Membranous nephropathy, also called membranous glomerulopathy, is the second most common cause of the nephrotic syndrome (proteinuria, edema, high cholesterol) in U.S. Diagnosis of membranous nephropathy requires a kidney biopsy, which reveals unusual deposits of immunoglobulin G and complement C3, substances created by the body’s immune system. Fully 75 percent of cases are idiopathic, which means that the cause of the disease is unknown. The remaining 25 percent of cases are the result of other diseases like systemic lupus erythematosus, hepatitis B or C infection, or some forms of cancer. About 20 to 40 percent of patients with membranous nephropathy progress, usually over decades, to total kidney failure, but most patients experience either complete remission or continued symptoms without progressive kidney failure. ACE inhibitors and ARBs are generally used to reduce proteinuria. Additional medication to control high blood pressure and edema is frequently required. Some patients benefit from steroids, but this treatment does not work for everyone. Additional immunosuppressive medications are helpful for some patients with progressive disease.
Minimal change disease (MCD) is the diagnosis given when a patient has the nephrotic syndrome and the kidney biopsy reveals little or no change to the structure of glomeruli or surrounding tissues when examined by a light microscope. MCD may occur at any age, but it is most common in childhood.
Points to Remember
• The kidneys filter waste and extra fluid from the blood.

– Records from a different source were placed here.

Theorem mainTheorem5 (R : realType) (d : nat) (Omega : 'rV[R]_d -> Prop)
  (m : nat) (l : 'rV[R]_d -> 'rV[R]_d -> R) (v : 'I_m -> 'rV[R]_d -> R)
  (m' : nat) (l' : 'rV[R]_d -> 'rV[R]_d -> R) (v' : 'I_m' -> 'rV[R]_d -> R) :
  is_SPM Omega l v -> is_SPM Omega l' v' ->
  (pred_equiv Omega l v l' v' <->
   (forall n (x : 'I_n -> 'rV[R]_d), finite_subset Omega x ->
      unisolvent v x -> unisolvent v' x ->
      forall (Q : 'M[R]_(n, m)) (Q' : 'M[R]_(n, m')),
        orth_basis_of Q (basis_mx v x) -> orth_basis_of Q' (basis_mx v' x) ->
      forall s2 : R, 0 < s2 ->
        smoother Q (kernel_mx l x) s2 = smoother Q' (kernel_mx l' x) s2)).
Proof.
move=> spm spm'; split.
  move=> [em eq_pred] n x fx unix unix'; subst m' => Q Q' orthQ orthQ' s2 s2_gt0.
  rewrite (smoother_pred_mean spm fx unix s2_gt0 orthQ).
  rewrite (smoother_pred_mean spm' fx unix' s2_gt0 orthQ').
  apply/matrixP => i j; rewrite !mxE.
  by have [] := eq_pred n x fx unix unix' (x i) (fx.2 i) (delta_mx j 0) s2 s2_gt0.
move=> eq_smoother; have em := smoother_equiv_dim spm spm' eq_smoother.
have eq_resid := smoother_equiv_resid_at spm spm' eq_smoother.
subst m'; split=> // n x fx unix unix' w Omw y s2 s2_gt0.
have [[k <-] | /not_ex_all_not xw] := classic (exists k, x k = w).
  rewrite (pred_mean_at spm fx unix s2_gt0) (pred_mean_at spm' fx unix' s2_gt0).
  rewrite (pred_var_at spm fx unix s2_gt0) (pred_var_at spm' fx unix' s2_gt0).
  by rewrite eq_resid.
rewrite (pred_mean_new spm fx unix s2_gt0 Omw xw) (pred_mean_new spm' fx unix' s2_gt0 Omw xw).
rewrite (pred_var_new spm fx unix s2_gt0 Omw xw) (pred_var_new spm' fx unix' s2_gt0 Omw xw).
by rewrite eq_resid //; [exact: finite_subset_extend | exact: unisolvent_extend..].
Qed.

• The filtering process takes place in the nephron, where microscopic blood vessel filters, called glomeruli, are attached to fluid-collecting tubules.
• A number of different disease processes can damage the glomeruli and thereby cause kidney failure. Glomerulonephritis and glomerulosclerosis are broad terms that include many forms of damage to the glomeruli.
• Some forms of kidney failure can be slowed down, but scarred glomeruli can never be repaired.
• Treatment for the early stages of kidney failure depends on the disease causing the damage.
• Early signs of kidney failure include blood or protein in the urine and swelling in the hands, feet, abdomen, or face. Kidney failure may be silent for many years.